What you should do: Up to and including the line containing "classical map x", retype each line of the listing below exactly, beginning with the first.
[Data excerpts — start]
(* Soundness: every generator has its entries in R = Z[i, 1/sqrt 2], and R is
   closed under the sums and products that composition and tensor produce.

   Completeness: call D : 0 -> 1 a state of l when [[D]] = |0> + l |1>.  States
   of 1, i and 1/sqrt 2 exist, and states are closed under sum (an adder built
   from CCZ), negation (the phase pi) and product (the spider 2 -> 1), so every
   l in R has a state.  Feeding the state of l into the transpose of the
   classical map x |-> ([x = z], x) gives the diagonal matrix with l at z and 1
   elsewhere; composing such diagonals yields diag(f) for any f with values in R,
   and finally M = (id_m (x) u^n) diag(vec M) (v^m (x) id_n), where v = |0> + |1>
   and u = <0| + <1|.  The finitely many concrete gadgets are checked by exact
   evaluation in Z[w, 1/2], w = e^(i pi/4). *)

From HB Require Import structures.
From Stdlib Require Import ZArith.
From mathcomp Require Import all_boot all_order all_algebra.
From mathcomp Require Import mxtens ssrZ ring.
Set Implicit Arguments. Unset Strict Implicit. Unset Printing Implicit Defensive.
Import GRing.Theory Num.Theory.
Local Open Scope ring_scope.

Section NatIndexed.
Variable R : pzRingType.

Definition entry p q (M : 'M[R]_(p, q)) (i j : nat) : R :=
  if insub i is Some i' then if insub j is Some j' then M i' j' else 0 else 0.

Lemma entry_ord p q (M : 'M[R]_(p, q)) (i : 'I_p) (j : 'I_q) : entry M i j = M i j.
Proof. by rewrite /entry !valK. Qed.

Lemma entry_out p q (M : 'M[R]_(p, q)) i j :
  ~~ ((i < p) && (j < q))%N -> entry M i j = 0.
Proof.
rewrite /entry negb_and => /orP[/negbTE hi | /negbTE hj].
  by rewrite (insubF 'I_p hi).
by case: (insub i) => // ?; rewrite (insubF 'I_q hj).
Qed.

Lemma entry_mx p q (F : 'I_p -> 'I_q -> R) i j x :
    (forall (a : 'I_p) (b : 'I_q), a = i :> nat -> b = j :> nat -> F a b = x) ->
    (~~ ((i < p) && (j < q))%N -> x = 0) ->
  entry (\matrix_(a, b) F a b) i j = x.
Proof.
move=> Fx x0; have [/andP[hi hj] | out] := boolP ((i < p) && (j < q))%N.
  by rewrite (entry_ord _ (Ordinal hi) (Ordinal hj)) mxE; apply: Fx.
by rewrite entry_out // x0.
Qed.

Lemma entry_scalar p (a : R) i j :
  entry (a%:M : 'M_p) i j = (((i < p) && (j < p)) && (i == j))%N%:R * a.
Proof.
have [/andP[hi hj] | out] := boolP ((i < p) && (j < p))%N; last first.
  by rewrite entry_out // mul0r.
by rewrite (entry_ord _ (Ordinal hi) (Ordinal hj)) mxE mulr_natl.
Qed.

Lemma entry_mul p q r (A : 'M[R]_(p, q)) (B : 'M[R]_(q, r)) i j :
  entry (A *m B) i j = \sum_(0 <= k < q) entry A i k * entry B k j.
Proof.
have [/andP[hi hj] | out] := boolP ((i < p) && (j < r))%N; last first.
  rewrite entry_out // big1 // => k _.
  case/nandP: out => [/negbTE hi | /negbTE hj].
    by rewrite (entry_out A) ?mul0r // hi.
  by rewrite (entry_out B) ?mulr0 // hj andbF.
rewrite (entry_ord _ (Ordinal hi) (Ordinal hj)) mxE big_mkord; apply: eq_bigr => k _.
by rewrite -(entry_ord A (Ordinal hi)) -(entry_ord B _ (Ordinal hj)).
Qed.

Lemma sum_nat_mul (F : nat -> R) p d :
  \sum_(0 <= l < p * d) F l = \sum_(0 <= a < p) \sum_(0 <= b < d) F (a * d + b)%N.
Proof.
elim: p => [|p IH]; first by rewrite mul0n !big_geq.
rewrite big_nat_recr //= -IH mulSn addnC (@big_cat_nat _ _ _ (p * d)) ?leq_addr //=.
congr (_ + _); rewrite -{1}(add0n (p * d)%N) big_addn addKn.
by apply: eq_bigr => b _; rewrite addnC.
Qed.

Lemma sum_pow2_split (F : nat -> R) k1 k2 :
  \sum_(0 <= l < 2 ^ (k1 + k2)) F l =
  \sum_(0 <= a < 2 ^ k1) \sum_(0 <= b < 2 ^ k2) F (a * 2 ^ k2 + b)%N.
Proof. by rewrite expnD sum_nat_mul. Qed.

Lemma sum_nat2 (F : nat -> R) : \sum_(0 <= b < 2) F b = F 0%N + F 1%N.
Proof. by rewrite big_nat_recr // big_nat1. Qed.

Lemma sum_nat_delta (F : nat -> R) N a :
  (a < N)%N -> \sum_(0 <= b < N) (b == a)%:R * F b = F a.
Proof.
move=> ha; rewrite (bigD1_seq a) ?mem_index_iota ?iota_uniq //= eqxx mul1r.
by rewrite big1 ?addr0 // => b /negbTE ->; rewrite mul0r.
Qed.

End NatIndexed.

Variant index_split_spec k : nat -> Type :=
  IndexSplit a b of (a < 2)%N & (b < 2 ^ k)%N : index_split_spec k (a * 2 ^ k + b).

Lemma index_splitP k x : (x < 2 ^ k.+1)%N -> index_split_spec k x.
Proof.
move=> hx; rewrite (divn_eq x (2 ^ k)); constructor.
  by rewrite ltn_divLR ?expn_gt0 // -expnS.
by rewrite ltn_mod expn_gt0.
Qed.

Lemma index_pair_lt k1 k2 a b : (a < 2 ^ k1)%N -> (b < 2 ^ k2)%N ->
  (a * 2 ^ k2 + b < 2 ^ (k1 + k2))%N.
Proof.
move=> ha hb; rewrite expnD; apply: (@leq_trans (a.+1 * 2 ^ k2)).
  by rewrite mulSn [(2 ^ k2 + _)%N]addnC ltn_add2l.
by rewrite leq_mul2r ha orbT.
Qed.

Lemma index_assoc k a v r :
  (a * 2 ^ k.+1 + (v * 2 ^ k + r) = (a * 2 + v) * 2 ^ k + r)%N.
Proof. by rewrite expnS mulnA mulnDl addnA. Qed.

(* [DZW e c0 c1 c2 c3] stands for (c0 + c1 w + c2 w^2 + c3 w^3) / 2^e, where
   w = e^(i pi/4). *)
Record dzw := DZW { dzw_exp : nat; dzw0 : Z; dzw1 : Z; dzw2 : Z; dzw3 : Z }.

Definition dzw_of_nat (k : nat) : dzw := DZW 0 k%:R 0 0 0.

Definition dzw_opp (x : dzw) : dzw :=
  DZW (dzw_exp x) (- dzw0 x) (- dzw1 x) (- dzw2 x) (- dzw3 x).

Definition dzw_shift (e : nat) (x : dzw) : dzw :=
  DZW (dzw_exp x + e) (dzw0 x * 2 ^+ e) (dzw1 x * 2 ^+ e) (dzw2 x * 2 ^+ e)
    (dzw3 x * 2 ^+ e).

Definition dzw_add (x y : dzw) : dzw :=
  let e := maxn (dzw_exp x) (dzw_exp y) in
  let x' := dzw_shift (e - dzw_exp x) x in let y' := dzw_shift (e - dzw_exp y) y in
  DZW e (dzw0 x' + dzw0 y') (dzw1 x' + dzw1 y') (dzw2 x' + dzw2 y') (dzw3 x' + dzw3 y').

(* Product of polynomials in w, reduced modulo w^4 = -1. *)
Definition dzw_mul (x y : dzw) : dzw :=
  let: DZW k a0 a1 a2 a3 := x in let: DZW l b0 b1 b2 b3 := y in
  DZW (k + l)
    (a0 * b0 - a1 * b3 - a2 * b2 - a3 * b1)
    (a0 * b1 + a1 * b0 - a2 * b3 - a3 * b2)
    (a0 * b2 + a1 * b1 + a2 * b0 - a3 * b3)
    (a0 * b3 + a1 * b2 + a2 * b1 + a3 * b0).

Definition dzw_sum (s : seq dzw) : dzw := foldr dzw_add (dzw_of_nat 0) s.

Definition dzw_eqb (x y : dzw) : bool :=
  [&& dzw0 x * 2 ^+ dzw_exp y == dzw0 y * 2 ^+ dzw_exp x,
      dzw1 x * 2 ^+ dzw_exp y == dzw1 y * 2 ^+ dzw_exp x,
      dzw2 x * 2 ^+ dzw_exp y == dzw2 y * 2 ^+ dzw_exp x &
      dzw3 x * 2 ^+ dzw_exp y == dzw3 y * 2 ^+ dzw_exp x].

Definition dzw_omega_pow (k : nat) : dzw := iter k (dzw_mul (DZW 0 0 1 0 0)) (dzw_of_nat 1).

(* 1/sqrt 2 = (w - w^3) / 2 *)
Definition dzw_isqrt2 : dzw := DZW 1 0 1 0 (-1).

Section DzwValue.
Variable C : numClosedFieldType.
Local Notation w := (omega8 C).
Local Notation zC z := ((int_of_Z z)%:~R : C).

Lemma omega8_sqr : w ^+ 2 = 'i.
Proof. by rewrite /omega8 expr_div_n sqrtCK sqrrD sqrCi expr1n mul1r; field. Qed.

Lemma omega8_pow4 : w ^+ 4 = -1.
Proof. by rewrite (exprM w 2 2) omega8_sqr sqrCi. Qed.

Lemma omega8_sub_cube : w - w ^+ 3 = sqrtC 2.
Proof.
have s2_neq0 : sqrtC 2 != 0 :> C by rewrite sqrtC_eq0 pnatr_eq0.
rewrite exprS omega8_sqr /omega8.
transitivity ((1 - 'i ^+ 2) / sqrtC 2 : C); first by field.
by rewrite sqrCi opprK -[1 + 1]/(2%:R) -{1}(sqrtCK 2) expr2 mulfK.
Qed.

Definition dzw_num (x : dzw) : C :=
  zC (dzw0 x) + zC (dzw1 x) * w + zC (dzw2 x) * w ^+ 2 + zC (dzw3 x) * w ^+ 3.

Definition dzw_val (x : dzw) : C := dzw_num x / 2 ^+ dzw_exp x.

Lemma pow2_neq0 e : 2 ^+ e != 0 :> C.
Proof. by rewrite expf_neq0 // pnatr_eq0. Qed.

Lemma dzw_val_of_nat k : dzw_val (dzw_of_nat k) = k%:R.
Proof. by rewrite /dzw_val /dzw_num /= !rmorph_nat !rmorph0 !mul0r !addr0 divr1. Qed.

Lemma dzw_val_opp x : dzw_val (dzw_opp x) = - dzw_val x.
Proof. by rewrite /dzw_val /dzw_num /= !rmorphN -mulNr; congr (_ / _); ring. Qed.

Lemma dzw_val_shift e x : dzw_val (dzw_shift e x) = dzw_val x.
Proof.
rewrite /dzw_val /dzw_num /= !rmorphM !rmorphXn exprD.
by field; rewrite !pow2_neq0.
Qed.

Lemma dzw_val_add x y : dzw_val (dzw_add x y) = dzw_val x + dzw_val y.
Proof.
pose e := maxn (dzw_exp x) (dzw_exp y).
rewrite -(dzw_val_shift (e - dzw_exp x) x) -(dzw_val_shift (e - dzw_exp y) y).
rewrite /dzw_val /dzw_num /= !subnKC ?leq_maxl ?leq_maxr // -mulrDl !rmorphD.
by congr (_ / _); ring.
Qed.

Lemma dzw_val_mul x y : dzw_val (dzw_mul x y) = dzw_val x * dzw_val y.
Proof.
case: x y => k a0 a1 a2 a3 [l b0 b1 b2 b3].
rewrite /dzw_val /dzw_num /= mulf_div -exprD; congr (_ / _).
by rewrite !rmorphB !rmorphD !rmorphM; ring: omega8_pow4.
Qed.

Lemma dzw_val_sum s : dzw_val (dzw_sum s) = \sum_(x <- s) dzw_val x.
Proof.
elim: s => [|x s IH]; first by rewrite big_nil dzw_val_of_nat.
by rewrite big_cons /= dzw_val_add IH.
Qed.

Lemma dzw_val_omega_pow k : dzw_val (dzw_omega_pow k) = w ^+ k.
Proof.
elim: k => [|k IH]; first by rewrite dzw_val_of_nat.
rewrite /dzw_omega_pow iterS dzw_val_mul IH exprS; congr (_ * _).
by rewrite /dzw_val /dzw_num /= !rmorph0 !rmorph1 !mul0r !mul1r add0r !addr0 divr1.
Qed.

Lemma dzw_val_isqrt2 : dzw_val dzw_isqrt2 = (sqrtC 2)^-1.
Proof.
rewrite /dzw_val /dzw_num /= !rmorph0 !rmorph1 !rmorphN1 !mul0r !mul1r !add0r addr0.
rewrite mulN1r omega8_sub_cube expr1 -{2}(sqrtCK 2) expr2 invfM mulrA.
by rewrite divff ?mul1r // sqrtC_eq0 pnatr_eq0.
Qed.

Lemma dzw_eqbP x y : dzw_eqb x y -> dzw_val x = dzw_val y.
Proof.
case/and4P=> /eqP/(congr1 (fun z => zC z)) e0 /eqP/(congr1 (fun z => zC z)) e1
  /eqP/(congr1 (fun z => zC z)) e2 /eqP/(congr1 (fun z => zC z)) e3.
move: e0 e1 e2 e3; rewrite !rmorphM !rmorphXn => e0 e1 e2 e3.
apply/eqP; rewrite /dzw_val eqr_div ?pow2_neq0 //; apply/eqP.
by rewrite /dzw_num !mulrDl ![_ * w ^+ _ * _]mulrAC ![_ * w * _]mulrAC e0 e1 e2 e3.
Qed.

End DzwValue.

Definition dzw_clip (r c : nat) (f : nat -> nat -> dzw) (i j : nat) : dzw :=
  if ((i < r) && (j < c))%N then f i j else dzw_of_nat 0.

Definition dzw_table (r c : nat) (f : nat -> nat -> dzw) : seq (seq dzw) :=
  [seq [seq f i j | j <- iota 0 c] | i <- iota 0 r].

Definition dzw_at (t : seq (seq dzw)) (i j : nat) : dzw :=
  nth (dzw_of_nat 0) (nth [::] t i) j.

Lemma dzw_at_table r c f i j : dzw_at (dzw_table r c f) i j = dzw_clip r c f i j.
Proof.
rewrite /dzw_at /dzw_table /dzw_clip.
have [hi | hi] := ltnP i r; last by rewrite (nth_default [::]) ?nth_nil // size_map size_iota.
rewrite (nth_map 0%N) ?size_iota // nth_iota //=.
have [hj | hj] := ltnP j c; last by rewrite nth_default // size_map size_iota.
by rewrite (nth_map 0%N) ?size_iota // nth_iota.
Qed.

(* The let-bound tables make [vm_compute] evaluate each subdiagram only once. *)
Fixpoint interp_dzw n m (D : diagram n m) : nat -> nat -> dzw :=
  match D with
  | ZSpider n m => dzw_clip (2 ^ m) (2 ^ n) (fun i j => dzw_of_nat
      (((i == 0) && (j == 0)) + ((i == (2 ^ m).-1) && (j == (2 ^ n).-1)))%N)
  | ZPhase k => dzw_clip 2 2 (fun i j =>
      if i == j then if i == 0%N then dzw_of_nat 1 else dzw_omega_pow k
      else dzw_of_nat 0)
  | Had => dzw_clip 2 2 (fun i j =>
      if odd (i * j) then dzw_opp dzw_isqrt2 else dzw_isqrt2)
  | Swap => dzw_clip 4 4 (fun i j => dzw_of_nat (i == 2 * (j %% 2) + j %/ 2)%N)
  | IdW => dzw_clip 2 2 (fun i j => dzw_of_nat (i == j))
  | Empty => dzw_clip 1 1 (fun i j => dzw_of_nat (i == j))
  | Cap => dzw_clip 4 1 (fun i _ => dzw_of_nat ((i == 0) || (i == 3))%N)
  | Cup => dzw_clip 1 4 (fun _ j => dzw_of_nat ((j == 0) || (j == 3))%N)
  | Comp n k m D1 D2 =>
      let t1 := dzw_table (2 ^ m) (2 ^ k) (interp_dzw D1) in
      let t2 := dzw_table (2 ^ k) (2 ^ n) (interp_dzw D2) in
      fun i j => dzw_sum [seq dzw_mul (dzw_at t1 i l) (dzw_at t2 l j) | l <- iota 0 (2 ^ k)]
  | Tens n1 m1 n2 m2 D1 D2 =>
      let f1 := interp_dzw D1 in let f2 := interp_dzw D2 in
      fun i j => dzw_mul (f1 (i %/ 2 ^ m2)%N (j %/ 2 ^ n2)%N)
        (f2 (i %% 2 ^ m2)%N (j %% 2 ^ n2)%N)
  end.

Definition interp_dzw_eqb n m (D : diagram n m) (f : nat -> nat -> dzw) : bool :=
  let e := interp_dzw D in
  all (fun i => all (fun j => dzw_eqb (e i j) (f i j)) (iota 0 (2 ^ n))) (iota 0 (2 ^ m)).

Section Semantics.
Variable C : numClosedFieldType.

Lemma entry_kron n1 m1 n2 m2 (A : 'M[C]_(2 ^ m1, 2 ^ n1)) (B : 'M[C]_(2 ^ m2, 2 ^ n2)) i j :
  entry (kron A B) i j =
  entry A (i %/ 2 ^ m2) (j %/ 2 ^ n2) * entry B (i %% 2 ^ m2) (j %% 2 ^ n2).
Proof.
have m2_gt0 : (0 < 2 ^ m2)%N by rewrite expn_gt0.
have n2_gt0 : (0 < 2 ^ n2)%N by rewrite expn_gt0.
have [/andP[hi hj] | out] := boolP ((i < 2 ^ (m1 + m2)) && (j < 2 ^ (n1 + n2)))%N.
  by rewrite (entry_ord _ (Ordinal hi) (Ordinal hj)) /kron castmxE mxE /= -!entry_ord.
by rewrite entry_out // (entry_out A) ?mul0r // !ltn_divLR // -!expnD.
Qed.

Definition sem n m (D : diagram n m) : nat -> nat -> C := entry (interp C D).

Lemma sem_comp n k m (D1 : diagram k m) (D2 : diagram n k) i j :
  sem (Comp D1 D2) i j = \sum_(0 <= l < 2 ^ k) sem D1 i l * sem D2 l j.
Proof. exact: entry_mul. Qed.

Lemma sem_tens_split n1 m1 n2 m2 (D1 : diagram n1 m1) (D2 : diagram n2 m2) a b c e :
    (b < 2 ^ m2)%N -> (e < 2 ^ n2)%N ->
  sem (Tens D1 D2) (a * 2 ^ m2 + b) (c * 2 ^ n2 + e) = sem D1 a c * sem D2 b e.
Proof.
move=> hb he; rewrite /sem /= entry_kron !divnMDl ?expn_gt0 // !divn_small // !addn0.
by rewrite !modnMDl !modn_small.
Qed.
[Data excerpts — finish]
Answer area:
(* Soundness: every generator has its entries in R = Z[i, 1/sqrt 2], and R is
   closed under the sums and products that composition and tensor produce.

   Completeness: call D : 0 -> 1 a state of l when [[D]] = |0> + l |1>.  States
   of 1, i and 1/sqrt 2 exist, and states are closed under sum (an adder built
   from CCZ), negation (the phase pi) and product (the spider 2 -> 1), so every
   l in R has a state.  Feeding the state of l into the transpose of the
   classical map x |-> ([x = z], x) gives the diagonal matrix with l at z and 1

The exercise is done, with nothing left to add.